Report all lines below with the word "Variables".
== THE RECORDS ==
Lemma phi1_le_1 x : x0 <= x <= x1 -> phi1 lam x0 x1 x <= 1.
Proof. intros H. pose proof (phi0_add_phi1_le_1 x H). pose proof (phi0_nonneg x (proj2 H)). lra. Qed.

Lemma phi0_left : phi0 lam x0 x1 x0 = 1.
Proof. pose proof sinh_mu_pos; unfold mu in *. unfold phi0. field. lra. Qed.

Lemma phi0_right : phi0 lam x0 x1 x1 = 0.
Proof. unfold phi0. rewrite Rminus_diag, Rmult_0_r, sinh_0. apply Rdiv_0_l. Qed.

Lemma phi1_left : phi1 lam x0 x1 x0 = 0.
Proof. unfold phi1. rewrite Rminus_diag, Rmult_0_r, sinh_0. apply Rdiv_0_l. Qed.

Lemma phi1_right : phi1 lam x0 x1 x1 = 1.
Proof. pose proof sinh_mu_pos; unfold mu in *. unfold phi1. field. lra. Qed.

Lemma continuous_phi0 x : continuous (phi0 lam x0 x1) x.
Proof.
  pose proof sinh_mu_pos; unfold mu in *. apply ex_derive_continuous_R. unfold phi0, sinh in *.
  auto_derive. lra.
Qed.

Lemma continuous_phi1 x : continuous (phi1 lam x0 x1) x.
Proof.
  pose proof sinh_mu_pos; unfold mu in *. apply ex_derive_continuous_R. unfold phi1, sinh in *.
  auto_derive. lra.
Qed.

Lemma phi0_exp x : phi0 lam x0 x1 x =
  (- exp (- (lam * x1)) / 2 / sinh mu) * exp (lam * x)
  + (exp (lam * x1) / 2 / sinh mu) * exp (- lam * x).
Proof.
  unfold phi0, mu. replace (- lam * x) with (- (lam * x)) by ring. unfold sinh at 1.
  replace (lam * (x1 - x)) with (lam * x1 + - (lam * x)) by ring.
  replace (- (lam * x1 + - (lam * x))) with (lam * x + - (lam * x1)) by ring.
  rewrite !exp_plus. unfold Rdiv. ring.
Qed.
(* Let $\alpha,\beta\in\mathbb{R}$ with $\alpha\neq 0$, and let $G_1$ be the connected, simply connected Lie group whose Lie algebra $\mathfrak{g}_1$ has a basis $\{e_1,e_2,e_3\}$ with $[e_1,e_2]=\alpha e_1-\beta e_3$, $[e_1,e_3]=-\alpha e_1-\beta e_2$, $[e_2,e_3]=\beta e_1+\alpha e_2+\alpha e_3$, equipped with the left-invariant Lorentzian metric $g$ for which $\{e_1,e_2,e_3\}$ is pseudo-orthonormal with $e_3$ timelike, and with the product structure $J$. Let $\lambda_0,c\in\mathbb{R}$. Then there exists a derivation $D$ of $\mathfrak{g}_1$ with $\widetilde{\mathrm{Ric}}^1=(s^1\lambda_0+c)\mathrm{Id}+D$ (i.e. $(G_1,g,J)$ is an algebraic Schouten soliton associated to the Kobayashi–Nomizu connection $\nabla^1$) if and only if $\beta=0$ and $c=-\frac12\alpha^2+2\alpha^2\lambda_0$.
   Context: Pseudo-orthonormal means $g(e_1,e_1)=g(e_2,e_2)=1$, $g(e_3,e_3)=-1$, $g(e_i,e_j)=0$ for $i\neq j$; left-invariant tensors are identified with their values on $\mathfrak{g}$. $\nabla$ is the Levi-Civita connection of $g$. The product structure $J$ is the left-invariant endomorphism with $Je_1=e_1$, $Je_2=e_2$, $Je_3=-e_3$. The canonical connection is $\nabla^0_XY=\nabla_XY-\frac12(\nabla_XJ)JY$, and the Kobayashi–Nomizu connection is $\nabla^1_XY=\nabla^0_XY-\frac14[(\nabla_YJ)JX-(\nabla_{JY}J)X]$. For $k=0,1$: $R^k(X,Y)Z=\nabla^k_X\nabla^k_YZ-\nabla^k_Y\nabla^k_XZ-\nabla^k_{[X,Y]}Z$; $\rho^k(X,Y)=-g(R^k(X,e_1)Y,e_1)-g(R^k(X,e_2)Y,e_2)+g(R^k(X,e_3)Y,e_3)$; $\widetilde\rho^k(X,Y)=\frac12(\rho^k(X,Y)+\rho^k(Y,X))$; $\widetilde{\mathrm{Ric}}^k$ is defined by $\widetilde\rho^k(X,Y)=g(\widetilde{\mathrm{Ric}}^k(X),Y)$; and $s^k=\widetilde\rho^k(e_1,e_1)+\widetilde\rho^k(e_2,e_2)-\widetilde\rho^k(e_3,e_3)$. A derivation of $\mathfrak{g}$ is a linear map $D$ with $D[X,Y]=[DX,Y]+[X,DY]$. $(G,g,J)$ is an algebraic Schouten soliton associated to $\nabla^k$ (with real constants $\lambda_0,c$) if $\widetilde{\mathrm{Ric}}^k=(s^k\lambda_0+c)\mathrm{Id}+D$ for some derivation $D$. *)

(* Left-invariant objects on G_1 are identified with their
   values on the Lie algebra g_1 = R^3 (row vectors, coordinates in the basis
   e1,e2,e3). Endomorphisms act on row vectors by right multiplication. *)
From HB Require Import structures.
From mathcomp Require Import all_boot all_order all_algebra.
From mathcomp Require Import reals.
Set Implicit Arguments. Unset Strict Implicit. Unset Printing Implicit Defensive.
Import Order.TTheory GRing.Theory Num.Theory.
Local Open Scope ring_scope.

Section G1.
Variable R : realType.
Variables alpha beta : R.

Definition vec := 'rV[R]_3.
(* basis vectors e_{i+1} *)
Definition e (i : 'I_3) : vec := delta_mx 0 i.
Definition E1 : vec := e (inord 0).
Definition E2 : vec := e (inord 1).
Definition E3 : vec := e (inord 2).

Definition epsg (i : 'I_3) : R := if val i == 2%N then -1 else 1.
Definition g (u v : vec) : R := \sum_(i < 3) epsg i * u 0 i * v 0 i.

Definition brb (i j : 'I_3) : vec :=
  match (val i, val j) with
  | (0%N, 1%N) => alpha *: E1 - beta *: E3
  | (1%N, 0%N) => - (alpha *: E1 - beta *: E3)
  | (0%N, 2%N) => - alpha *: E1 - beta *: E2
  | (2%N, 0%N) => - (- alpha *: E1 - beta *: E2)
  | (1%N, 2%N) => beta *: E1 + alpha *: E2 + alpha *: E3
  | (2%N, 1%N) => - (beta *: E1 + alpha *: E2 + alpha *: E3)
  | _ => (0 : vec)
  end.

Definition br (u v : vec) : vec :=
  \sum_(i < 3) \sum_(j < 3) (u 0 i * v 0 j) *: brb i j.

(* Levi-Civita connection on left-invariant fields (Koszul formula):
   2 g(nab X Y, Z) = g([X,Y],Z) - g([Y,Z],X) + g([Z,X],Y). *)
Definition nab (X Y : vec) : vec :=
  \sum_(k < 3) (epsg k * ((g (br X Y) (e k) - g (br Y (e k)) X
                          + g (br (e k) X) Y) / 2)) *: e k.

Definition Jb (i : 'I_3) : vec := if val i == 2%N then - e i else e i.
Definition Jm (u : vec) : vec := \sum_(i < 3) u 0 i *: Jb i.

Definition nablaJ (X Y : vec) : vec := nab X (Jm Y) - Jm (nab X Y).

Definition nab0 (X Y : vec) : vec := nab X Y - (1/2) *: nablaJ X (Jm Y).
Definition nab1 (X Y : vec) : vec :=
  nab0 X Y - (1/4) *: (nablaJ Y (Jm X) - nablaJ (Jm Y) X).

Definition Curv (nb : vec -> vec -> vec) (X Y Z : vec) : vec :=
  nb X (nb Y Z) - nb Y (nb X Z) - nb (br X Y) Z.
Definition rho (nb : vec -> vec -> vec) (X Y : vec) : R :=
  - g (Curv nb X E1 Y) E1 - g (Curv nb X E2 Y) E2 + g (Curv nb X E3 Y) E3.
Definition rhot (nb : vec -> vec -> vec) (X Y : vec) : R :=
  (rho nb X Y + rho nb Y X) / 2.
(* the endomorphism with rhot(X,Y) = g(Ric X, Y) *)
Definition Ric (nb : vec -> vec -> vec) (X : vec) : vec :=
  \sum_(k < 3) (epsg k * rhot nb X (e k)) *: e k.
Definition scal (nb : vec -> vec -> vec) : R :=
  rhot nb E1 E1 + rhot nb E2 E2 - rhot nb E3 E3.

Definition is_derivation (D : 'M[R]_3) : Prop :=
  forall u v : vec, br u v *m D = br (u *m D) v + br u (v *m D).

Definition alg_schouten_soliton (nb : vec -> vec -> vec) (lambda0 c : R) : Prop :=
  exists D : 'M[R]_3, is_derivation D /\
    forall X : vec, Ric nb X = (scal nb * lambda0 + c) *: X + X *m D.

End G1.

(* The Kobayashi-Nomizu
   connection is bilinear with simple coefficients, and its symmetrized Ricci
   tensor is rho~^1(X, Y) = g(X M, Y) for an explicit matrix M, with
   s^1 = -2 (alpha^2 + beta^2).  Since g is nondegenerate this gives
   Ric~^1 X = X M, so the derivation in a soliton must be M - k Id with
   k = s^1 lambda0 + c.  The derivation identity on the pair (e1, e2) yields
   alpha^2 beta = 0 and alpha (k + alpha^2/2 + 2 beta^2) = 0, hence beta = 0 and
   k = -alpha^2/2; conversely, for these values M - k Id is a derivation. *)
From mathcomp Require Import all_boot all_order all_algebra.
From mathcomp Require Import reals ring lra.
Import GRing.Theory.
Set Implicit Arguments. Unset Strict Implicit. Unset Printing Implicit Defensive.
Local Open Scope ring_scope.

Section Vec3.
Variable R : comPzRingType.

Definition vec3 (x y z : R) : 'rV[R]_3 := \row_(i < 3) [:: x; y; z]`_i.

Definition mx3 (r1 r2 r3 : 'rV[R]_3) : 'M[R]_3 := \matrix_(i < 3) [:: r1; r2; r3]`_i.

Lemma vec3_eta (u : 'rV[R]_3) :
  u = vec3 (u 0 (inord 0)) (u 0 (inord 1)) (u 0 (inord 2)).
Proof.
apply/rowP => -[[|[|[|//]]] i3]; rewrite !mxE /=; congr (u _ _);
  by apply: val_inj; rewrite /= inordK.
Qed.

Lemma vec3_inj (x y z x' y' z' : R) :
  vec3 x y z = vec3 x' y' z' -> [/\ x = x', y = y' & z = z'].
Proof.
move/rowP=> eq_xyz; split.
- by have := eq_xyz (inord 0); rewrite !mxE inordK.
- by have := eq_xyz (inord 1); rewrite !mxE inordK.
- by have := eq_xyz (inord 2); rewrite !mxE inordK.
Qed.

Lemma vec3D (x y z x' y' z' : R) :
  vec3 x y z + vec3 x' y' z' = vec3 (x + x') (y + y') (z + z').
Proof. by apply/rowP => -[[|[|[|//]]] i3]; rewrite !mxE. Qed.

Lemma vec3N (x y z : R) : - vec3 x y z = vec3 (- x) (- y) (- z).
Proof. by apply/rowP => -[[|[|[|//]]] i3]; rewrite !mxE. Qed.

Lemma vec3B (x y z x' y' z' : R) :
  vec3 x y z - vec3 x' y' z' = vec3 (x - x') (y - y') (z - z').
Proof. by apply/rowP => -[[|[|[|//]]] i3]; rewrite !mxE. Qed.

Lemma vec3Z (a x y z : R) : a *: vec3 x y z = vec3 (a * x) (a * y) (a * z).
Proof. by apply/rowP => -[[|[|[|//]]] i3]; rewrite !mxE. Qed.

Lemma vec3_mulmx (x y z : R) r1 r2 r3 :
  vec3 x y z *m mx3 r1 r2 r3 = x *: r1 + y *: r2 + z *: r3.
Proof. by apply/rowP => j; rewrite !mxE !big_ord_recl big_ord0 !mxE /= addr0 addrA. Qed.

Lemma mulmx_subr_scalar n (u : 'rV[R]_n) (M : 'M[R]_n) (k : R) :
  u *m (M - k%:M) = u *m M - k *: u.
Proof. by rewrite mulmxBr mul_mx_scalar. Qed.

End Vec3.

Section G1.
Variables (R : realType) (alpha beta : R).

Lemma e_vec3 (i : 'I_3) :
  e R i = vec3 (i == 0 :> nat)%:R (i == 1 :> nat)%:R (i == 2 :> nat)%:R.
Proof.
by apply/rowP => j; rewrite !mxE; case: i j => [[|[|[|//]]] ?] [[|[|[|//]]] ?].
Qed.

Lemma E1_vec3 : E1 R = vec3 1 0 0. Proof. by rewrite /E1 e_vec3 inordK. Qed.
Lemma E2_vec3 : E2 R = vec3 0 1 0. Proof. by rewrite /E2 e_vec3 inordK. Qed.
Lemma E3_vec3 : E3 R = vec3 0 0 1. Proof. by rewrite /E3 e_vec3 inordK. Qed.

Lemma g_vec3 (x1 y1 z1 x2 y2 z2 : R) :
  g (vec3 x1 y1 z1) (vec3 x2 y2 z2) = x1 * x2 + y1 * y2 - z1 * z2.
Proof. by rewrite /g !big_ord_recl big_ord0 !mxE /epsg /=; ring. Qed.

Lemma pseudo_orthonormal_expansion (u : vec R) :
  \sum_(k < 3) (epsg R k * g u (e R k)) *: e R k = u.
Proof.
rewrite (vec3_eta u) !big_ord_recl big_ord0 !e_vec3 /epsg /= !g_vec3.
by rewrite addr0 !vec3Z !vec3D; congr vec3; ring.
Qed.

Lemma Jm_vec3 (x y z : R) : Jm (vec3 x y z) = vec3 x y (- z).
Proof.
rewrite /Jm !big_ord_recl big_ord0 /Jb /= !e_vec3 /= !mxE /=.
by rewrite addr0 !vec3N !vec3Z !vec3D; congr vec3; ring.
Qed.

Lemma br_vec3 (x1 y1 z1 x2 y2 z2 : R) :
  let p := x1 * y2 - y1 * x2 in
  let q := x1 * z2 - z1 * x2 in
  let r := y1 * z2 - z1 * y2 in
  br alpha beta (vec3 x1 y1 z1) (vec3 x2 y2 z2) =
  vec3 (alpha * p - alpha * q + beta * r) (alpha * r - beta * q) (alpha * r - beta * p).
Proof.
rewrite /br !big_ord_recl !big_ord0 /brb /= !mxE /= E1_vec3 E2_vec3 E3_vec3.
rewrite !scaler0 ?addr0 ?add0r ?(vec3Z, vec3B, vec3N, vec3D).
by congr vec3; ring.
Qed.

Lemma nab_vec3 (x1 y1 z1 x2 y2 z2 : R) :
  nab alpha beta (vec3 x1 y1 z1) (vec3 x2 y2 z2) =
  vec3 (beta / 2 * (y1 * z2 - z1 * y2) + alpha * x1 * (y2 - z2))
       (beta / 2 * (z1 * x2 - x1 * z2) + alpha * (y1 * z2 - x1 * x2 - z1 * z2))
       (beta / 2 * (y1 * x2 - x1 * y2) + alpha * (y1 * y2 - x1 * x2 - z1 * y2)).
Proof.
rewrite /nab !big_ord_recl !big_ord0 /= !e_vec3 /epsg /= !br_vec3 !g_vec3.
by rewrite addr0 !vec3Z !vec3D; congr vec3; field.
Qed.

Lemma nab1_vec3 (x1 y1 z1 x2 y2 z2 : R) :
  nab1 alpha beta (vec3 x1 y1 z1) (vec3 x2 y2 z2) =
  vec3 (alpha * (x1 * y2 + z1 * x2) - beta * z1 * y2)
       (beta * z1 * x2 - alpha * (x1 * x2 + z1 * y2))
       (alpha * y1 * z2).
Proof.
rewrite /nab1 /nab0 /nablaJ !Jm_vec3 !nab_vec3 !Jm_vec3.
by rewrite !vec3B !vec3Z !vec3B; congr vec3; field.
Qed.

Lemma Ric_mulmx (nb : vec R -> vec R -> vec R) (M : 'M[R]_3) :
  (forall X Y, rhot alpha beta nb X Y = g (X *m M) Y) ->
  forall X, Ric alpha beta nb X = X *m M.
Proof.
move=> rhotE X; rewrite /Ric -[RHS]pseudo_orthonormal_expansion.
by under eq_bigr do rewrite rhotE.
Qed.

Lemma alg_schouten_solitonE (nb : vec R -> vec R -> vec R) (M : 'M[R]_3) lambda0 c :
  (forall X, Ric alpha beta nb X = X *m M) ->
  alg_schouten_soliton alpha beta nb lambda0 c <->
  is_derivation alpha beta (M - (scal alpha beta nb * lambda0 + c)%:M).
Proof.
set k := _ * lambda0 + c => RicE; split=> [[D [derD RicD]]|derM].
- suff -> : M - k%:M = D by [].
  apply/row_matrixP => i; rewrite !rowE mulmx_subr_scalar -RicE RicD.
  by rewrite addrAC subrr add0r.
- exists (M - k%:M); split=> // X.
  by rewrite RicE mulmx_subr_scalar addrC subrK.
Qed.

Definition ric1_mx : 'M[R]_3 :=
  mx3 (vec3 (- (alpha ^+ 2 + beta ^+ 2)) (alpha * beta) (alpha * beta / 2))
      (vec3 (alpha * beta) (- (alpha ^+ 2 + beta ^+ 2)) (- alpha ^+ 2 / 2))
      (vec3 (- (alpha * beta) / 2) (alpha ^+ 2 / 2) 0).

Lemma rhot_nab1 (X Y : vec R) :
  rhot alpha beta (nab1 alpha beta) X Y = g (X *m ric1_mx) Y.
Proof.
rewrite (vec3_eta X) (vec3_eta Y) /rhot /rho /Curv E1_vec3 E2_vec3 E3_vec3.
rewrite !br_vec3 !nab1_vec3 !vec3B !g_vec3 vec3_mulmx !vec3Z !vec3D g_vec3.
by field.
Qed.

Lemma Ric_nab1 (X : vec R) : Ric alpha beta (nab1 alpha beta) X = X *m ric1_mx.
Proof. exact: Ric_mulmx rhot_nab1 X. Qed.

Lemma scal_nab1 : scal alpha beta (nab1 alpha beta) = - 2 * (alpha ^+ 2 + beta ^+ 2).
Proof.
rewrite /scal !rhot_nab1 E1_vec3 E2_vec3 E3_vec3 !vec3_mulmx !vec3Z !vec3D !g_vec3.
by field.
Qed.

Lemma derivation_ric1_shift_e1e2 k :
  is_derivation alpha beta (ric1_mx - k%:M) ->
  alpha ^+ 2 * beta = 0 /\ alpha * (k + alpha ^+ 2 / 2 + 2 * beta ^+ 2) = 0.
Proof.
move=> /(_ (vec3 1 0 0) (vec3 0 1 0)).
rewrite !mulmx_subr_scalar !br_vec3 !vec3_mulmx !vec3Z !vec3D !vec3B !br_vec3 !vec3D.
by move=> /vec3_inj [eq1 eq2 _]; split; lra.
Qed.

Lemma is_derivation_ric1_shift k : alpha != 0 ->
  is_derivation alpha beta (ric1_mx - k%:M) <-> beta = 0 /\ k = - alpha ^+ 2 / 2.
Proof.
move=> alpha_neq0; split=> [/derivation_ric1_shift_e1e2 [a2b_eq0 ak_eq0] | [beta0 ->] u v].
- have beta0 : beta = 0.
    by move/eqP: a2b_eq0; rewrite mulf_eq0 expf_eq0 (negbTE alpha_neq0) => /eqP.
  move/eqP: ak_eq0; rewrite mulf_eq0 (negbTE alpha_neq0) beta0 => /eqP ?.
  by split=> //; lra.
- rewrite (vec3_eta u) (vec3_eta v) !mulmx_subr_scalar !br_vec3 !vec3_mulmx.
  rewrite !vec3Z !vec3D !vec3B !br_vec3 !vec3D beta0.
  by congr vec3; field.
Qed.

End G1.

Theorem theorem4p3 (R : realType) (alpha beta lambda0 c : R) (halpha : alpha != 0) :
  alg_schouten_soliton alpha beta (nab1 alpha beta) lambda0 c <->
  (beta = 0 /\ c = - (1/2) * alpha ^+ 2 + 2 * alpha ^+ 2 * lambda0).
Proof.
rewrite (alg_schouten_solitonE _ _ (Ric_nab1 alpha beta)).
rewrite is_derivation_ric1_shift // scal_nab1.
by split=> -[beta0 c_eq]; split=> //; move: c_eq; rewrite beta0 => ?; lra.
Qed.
===
## REPLY
Variables alpha beta : R.
Variables (R : realType) (alpha beta : R).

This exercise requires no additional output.